If a line in the entries contains the string "HrhoR", include that line in your answer.
SOURCE MATERIAL below:
Lemma coord_lift_vbasis (T : {vspace X}) :
  (T <= U)%VS -> (U <= actspan sigma fullv T + V)%VS -> subquot_projective sigma U V ->
  exists H : 'Hom(X, {ffun 'I_(\dim T) -> B}),
   [/\ forall v, v \in V -> H v = 0,
       forall b u, u \in U -> H (sigma b u) = [ffun j => b * H u j]
     & forall u, u \in U -> u - \sum_j sigma (H u j) (vbasis T)`_j \in V].
Proof.
move=> sTU sUTV proj; pose s (j : 'I_(\dim T)) := (vbasis T)`_j.
apply: (subquot_coord_lift (s := s)) => // [j|u /(subvP sUTV) /memv_addP [g Tg [v Vv ->]]].
  exact/(subvP sTU)/vbasis_nth_mem.
suff [y ->] : exists y, g = combination s y by exists y; rewrite addrAC subrr add0r.
move: g Tg; apply: actspan_ind.
- by exists 0; rewrite linear0.
- by move=> y1 y2 [c1 ->] [c2 ->]; exists (c1 + c2); rewrite linearD.
- move=> a x _ Tx; exists [ffun j => coord (vbasis T) j x *: a].
  rewrite combinationE {1}(coord_vbasis Tx) linear_sum; apply: eq_bigr => j _.
  by rewrite ffunE linearZ (repZ Hsigma).
Qed.

End SubquotientLift.

Lemma projector_complement (K : fieldType) (X : vectType K) (U W : {vspace X})
  (p : 'End(X)) : (W <= U)%VS -> (forall w, w \in W -> p w = 0) ->
  (forall u, u \in U -> u - p u \in W) ->
  ((p @: U) :&: W = 0)%VS /\ (p @: U + W = U)%VS.
Proof.
move=> sWU pW subp; have pU u : u \in U -> p u \in U.
  move=> Uu; have -> : p u = u - (u - p u) by rewrite opprB addrC subrK.
  by rewrite memvB // (subvP sWU) // subp.
split.
  apply/eqP; rewrite -subv0; apply/subvP => _ /[!memv_cap] /andP [/memv_imgP [u Uu ->] Wpu].
  have -> : p u = p (p u) - p (p u - u) by rewrite linearB /= opprB addrC subrK.
  have Wpuu : p u - u \in W by rewrite -memvN opprB subp.
  by rewrite (pW _ Wpu) (pW _ Wpuu) subrr mem0v.
apply/eqP; rewrite eqEsubv subv_add sWU andbT; apply/andP; split.
  by apply/subvP => _ /memv_imgP [u Uu ->]; apply: pU.
by apply/subvP => u Uu; rewrite -[u](subrK (p u)) addrC memv_add ?memv_img ?subp.
Qed.

Section CoordinateProjection.
Variables (F : fieldType) (aa : falgType F) (ga : nat -> {vspace aa}) (d : nat).
Hypothesis Hga : is_pos_graded_alg ga d.
Variables (X : vectType F) (sigma : aa -> 'End(X)).
Hypothesis Hsigma : is_rep sigma.
Variables (U V : {vspace X}) (k : nat) (s : 'I_k -> X) (H : 'Hom(X, {ffun 'I_k -> aa})).
Hypotheses (sU : forall j, s j \in U) (H_V : forall v, v \in V -> H v = 0)
  (H_rep : forall b u, u \in U -> H (sigma b u) = [ffun j => b * H u j])
  (H_split : forall u, u \in U -> u - \sum_j sigma (H u j) (s j) \in V).

Local Notation radV := (V + actspan sigma (alg_geq ga d 1) U)%VS.

(* [u] re-expanded along [s] with only the degree-[m] parts of its coordinates [H u]. *)
Definition coord_part (m : nat) : 'End(X) :=
  (\sum_j (orbit_map sigma (s j) \o hcomp Hga m \o linfun (ffun_eval j) \o H))%VF.

Lemma coord_partE m u : coord_part m u = \sum_j sigma (hcomp Hga m (H u j)) (s j).
Proof.
rewrite sum_lfunE; apply: eq_bigr => j _.
by rewrite !comp_lfunE (orbit_mapE Hsigma) lfunE.
Qed.

Lemma coord_part_V m v : v \in V -> coord_part m v = 0.
Proof.
move=> Vv; rewrite coord_partE big1 // => j _.
by rewrite H_V // ffunE linear0 (rep0 Hsigma).
Qed.

Lemma coord_part_rep n m a u : a \in ga n -> u \in U ->
  coord_part m (sigma a u) = if (n <= m)%N then sigma a (coord_part (m - n) u) else 0.
Proof.
move=> gaa Uu; rewrite !coord_partE.
under eq_bigr => j _ do rewrite H_rep // ffunE (hcompMl _ _ _ gaa).
case: leqP => _; last by rewrite big1 // => j _; rewrite (rep0 Hsigma).
by rewrite linear_sum; apply: eq_bigr => j _; rewrite (repM Hsigma).
Qed.

Lemma coord_part0_rad w : w \in radV -> coord_part 0 w = 0.
Proof.
case/memv_addP => v Vv [r rad_r ->]; rewrite linearD /= coord_part_V // add0r.
move: r rad_r; apply: actspan_ind => [|y z Py Pz|a u ga1a Uu].
- exact: linear0.
- by rewrite linearD /= Py Pz addr0.
rewrite coord_partE big1 // => j _.
by rewrite H_rep // ffunE hcomp0_alg_geq1 // (rep0 Hsigma).
Qed.

Lemma sub_coord_part0 u : u \in U -> u - coord_part 0 u \in radV.
Proof.
move=> Uu; have -> : u - coord_part 0 u = (u - \sum_j sigma (H u j) (s j)) +
    \sum_j sigma (H u j - hcomp Hga 0 (H u j)) (s j).
  rewrite coord_partE; under [X in _ = _ + X]eq_bigr => j _ do rewrite (repB Hsigma).
  by rewrite sumrB addrA subrK.
rewrite memv_add ?H_split //; apply: memv_suml => j _.
by rewrite mem_actspan // sub_hcomp0.
Qed.

Lemma coord_part0_mem (T : {vspace X}) u : (forall j, s j \in T) ->
  (forall c x, c \in ga 0 -> x \in T -> sigma c x \in T) -> coord_part 0 u \in T.
Proof.
by move=> sT T0 ; rewrite coord_partE; apply: memv_suml => j _; rewrite T0 ?hcomp_mem.
Qed.

Variable T : {vspace X}.
Hypotheses (sT : forall j, s j \in T) (sTU : (T <= U)%VS)
  (T0 : forall c x, c \in ga 0 -> x \in T -> sigma c x \in T)
  (capT : (T :&: radV)%VS = 0%VS).

Lemma coord_part0_id x : x \in T -> coord_part 0 x = x.
Proof.
move=> Tx; apply/eqP; rewrite eq_sym -subr_eq0 -memv0 -capT memv_cap.
by rewrite memvB ?coord_part0_mem ?sub_coord_part0 ?(subvP sTU).
Qed.

Lemma coord_part_actspan_id m y : y \in actspan sigma (ga m) T -> coord_part m y = y.
Proof.
move: y; apply: actspan_ind => [|y z Py Pz|a x gaa Tx].
- exact: linear0.
- by rewrite linearD /= Py Pz.
by rewrite (coord_part_rep _ gaa) ?(subvP sTU) // leqnn subnn coord_part0_id.
Qed.

Lemma coord_part_actspan_lt n m y :
  (m < n)%N -> y \in actspan sigma (ga n) T -> coord_part m y = 0.
Proof.
move=> lt_mn; move: y; apply: actspan_ind => [|y z Py Pz|a x gaa Tx].
- exact: linear0.
- by rewrite linearD /= Py Pz addr0.
by rewrite (coord_part_rep _ gaa) ?(subvP sTU) // leqNgt lt_mn.
Qed.

(* The components of the sum are peeled off degree by degree with [coord_part]. *)
Lemma actspan_homog_direct (z : 'I_d -> X) :
  (forall n, z n \in actspan sigma (ga n) T) -> \sum_n z n \in V -> forall n, z n = 0.
Proof.
move=> zT Vz; suff zlt m : forall n : 'I_d, (n < m)%N -> z n = 0.
  by move=> n; apply: (zlt d).
elim: m => [//|m IHm] n0; rewrite ltnS leq_eqVlt => /orP [/eqP n0m|]; last exact: IHm.
have := coord_part_V m Vz; rewrite linear_sum (bigD1 n0) //= -n0m.
rewrite coord_part_actspan_id // big1 ?addr0 // => n ne_nn0.
have [lt_nn0|lt_n0n|/val_inj eq_nn0] := ltngtP n n0.
- by rewrite IHm ?linear0 // -n0m.
- exact: (coord_part_actspan_lt lt_n0n).
- by case/eqP: ne_nn0.
Qed.

End CoordinateProjection.

Section Construction.
Variables (F : fieldType) (aa A : falgType F) (ga : nat -> {vspace aa}) (d : nat)
  (f : 'Hom(aa, A)).
Hypotheses (Hga : is_pos_graded_alg ga d) (Hf : is_alg_hom f).
Variables (R : vectType F) (rhoR : A -> 'End(R)).
Hypothesis HrhoR : is_rep rhoR.
Variable filt : int -> {vspace R}.
Hypotheses (Hfilt_sub : forall i, is_submod rhoR (filt i))
  (Hfilt_dec : forall i : int, (filt (i + 1) <= filt i)%VS)
  (Hfilt_proj : forall i,
     subquot_projective (fun a : aa => rhoR (f a)) (filt i) (filt (i + 1))).
Variables (N : vectType F) (rhoN : A -> 'End(N)) (grN : int -> {vspace N})
  (loN : int) (lenN : nat).
Hypothesis HN : is_adm_hybrid ga f rhoN grN loN lenN.
Variable phi : 'Hom(R, N).
Hypotheses (Hphi : is_hom rhoR rhoN phi)
  (Hphi_filt : forall i, (phi @: filt i)%VS = geq_part grN loN lenN i).

(* [radflat] and [grading_from] unfold to instances of [actspan sigma]. *)
Local Notation sigma := (fun a : aa => rhoR (f a)).
Let Hsigma : is_rep sigma := is_rep_comp HrhoR Hf.
Local Notation rad i := (filt (i + 1) + radflat ga d f rhoR (filt i))%VS.

Lemma filt_submod i : is_submod sigma (filt i).
Proof. by move=> a; apply: Hfilt_sub. Qed.

Lemma mem_filt_rep b i u : u \in filt i -> rhoR b u \in filt i.
Proof. by move=> Uu; apply: (subvP (Hfilt_sub i b)); apply: memv_img. Qed.

Lemma filt_le i j : i <= j -> (filt j <= filt i)%VS.
Proof.
move=> le_ij; have -> : j = i + `|j - i|%N%:Z by lia.
elim: `|j - i|%N => [|n IHn]; first by rewrite addr0.
by apply: subv_trans IHn; rewrite -[n.+1]addn1 PoszD addrA.
Qed.

Lemma rad_filt i : (rad i <= filt i)%VS.
Proof.
by rewrite subv_add Hfilt_dec; apply: actspan_sub => a x _; apply: mem_filt_rep.
Qed.

Lemma phi_rep a x : phi (rhoR (f a) x) = rhoN (f a) (phi x).
Proof. by have /lfunP/(_ x) := Hphi (f a); rewrite !comp_lfunE. Qed.

Lemma mem_grN_rep n i a x :
  a \in ga n -> x \in grN i -> rhoN (f a) x \in grN (i + n%:Z).
Proof.
by case: HN => _ HgrN _ gaa grx; apply: (subvP (HgrN n i a gaa)); apply: memv_img.
Qed.

Lemma geq_partN_split i :
  (geq_part grN loN lenN i <= grN i + geq_part grN loN lenN (i + 1))%VS.
Proof.
apply/subv_sumP => k le_ik; have [<-|ne_ki] := eqVneq (loN + k%:Z) i.
  exact: addvSl.
apply: subv_trans (addvSr _ _); apply: (sumv_sup k) => //.
by rewrite lezD1 lt_neqAle eq_sym ne_ki.
Qed.

(* h_i is chosen inside [lifts i]; this is what gives phi(h_i) <= N_i. *)
Definition lifts i := (filt i :&: phi @^-1: grN i)%VS.

Lemma lifts_filt i : (lifts i <= filt i)%VS.
Proof. exact: capvSl. Qed.

Lemma phi_lifts i x : x \in lifts i -> phi x \in grN i.
Proof. by rewrite memv_cap memv_preim => /andP []. Qed.

Lemma lifts_rep0 i c x : c \in ga 0 -> x \in lifts i -> rhoR (f c) x \in lifts i.
Proof.
move=> ga0c; rewrite !memv_cap -!memv_preim => /andP [filt_x grN_x].
by rewrite mem_filt_rep //= phi_rep -[i]addr0 mem_grN_rep.
Qed.

Lemma filt_sub_lifts i : (filt i <= lifts i + filt (i + 1))%VS.
Proof.
apply/subvP => u filt_u; have := memv_img phi filt_u.
rewrite Hphi_filt => /(subvP (geq_partN_split i)) /memv_addP [n0 grN_n0 [n1]].
rewrite -Hphi_filt => /memv_imgP [v filt_v ->] phi_u; rewrite -[u](subrK v).
have filt_iv : v \in filt i := subvP (Hfilt_dec i) _ filt_v.
by rewrite memv_add // memv_cap memvB //= -memv_preim linearB /= phi_u addrK.
Qed.

Lemma exists_graded_complement i : exists hh : {vspace R},
  [/\ (hh <= lifts i)%VS, (hh :&: rad i)%VS = 0%VS, (hh + rad i)%VS = filt i
    & forall c, c \in ga 0 -> (rhoR (f c) @: hh <= hh)%VS].
Proof.
have span : (filt i <= actspan sigma fullv (lifts i) + filt (i + 1))%VS.
  by apply: subv_trans (filt_sub_lifts i) _; rewrite addvS ?sub_actspan_full.
have [H [H_V H_rep H_split]] := coord_lift_vbasis Hsigma (Hfilt_dec i)
  (filt_submod i) (filt_submod (i + 1)) (lifts_filt i) span (@Hfilt_proj i).
pose s (j : 'I_(\dim (lifts i))) := (vbasis (lifts i))`_j.
have s_lifts j : s j \in lifts i by apply: vbasis_nth_mem.
have s_filt j : s j \in filt i by apply/(subvP (lifts_filt i)).
pose p := coord_part Hga sigma s H 0.
have [cap_p add_p] := projector_complement (p := p) (rad_filt i)
  (coord_part0_rad Hga Hsigma s H_V H_rep) (sub_coord_part0 Hga Hsigma s_filt H_split).
exists (p @: filt i)%VS; split => //.
  apply/subvP => _ /memv_imgP [u _ ->].
  exact: (coord_part0_mem Hga Hsigma H u s_lifts (@lifts_rep0 i)).
move=> c ga0c; apply/subvP => _ /memv_imgP [_ /memv_imgP [u filt_u ->] ->].
have /= := coord_part_rep Hga Hsigma s H_rep 0 ga0c filt_u; rewrite subn0 => <-.
by rewrite memv_img ?mem_filt_rep.
Qed.

Definition h i : {vspace R} :=
  proj1_sig (constructive_indefinite_description _ (exists_graded_complement i)).

Lemma h_spec i :
  [/\ (h i <= lifts i)%VS, (h i :&: rad i)%VS = 0%VS, (h i + rad i)%VS = filt i
    & forall c, c \in ga 0 -> (rhoR (f c) @: h i <= h i)%VS].
Proof.
exact: proj2_sig (constructive_indefinite_description _ (exists_graded_complement i)).
Qed.

Lemma h_lifts i : (h i <= lifts i)%VS. Proof. by case: (h_spec i). Qed.
Lemma h_cap i : (h i :&: rad i)%VS = 0%VS. Proof. by case: (h_spec i). Qed.
Lemma h_add i : (h i + rad i)%VS = filt i. Proof. by case: (h_spec i). Qed.

Lemma h_filt i : (h i <= filt i)%VS.
Proof. exact: subv_trans (h_lifts i) (lifts_filt i). Qed.

Lemma h_complement i :
  [/\ (h i <= filt i)%VS, (h i :&: rad i)%VS = 0%VS, (h i + rad i)%VS = filt i
    & forall c, c \in ga 0 -> (rhoR (f c) @: h i <= h i)%VS].
Proof. by case: (h_spec i) => _ *; split; rewrite ?h_filt. Qed.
End of SOURCE MATERIAL.
● **TASK SOLUTION**:
Hypothesis HrhoR : is_rep rhoR.
Let Hsigma : is_rep sigma := is_rep_comp HrhoR Hf.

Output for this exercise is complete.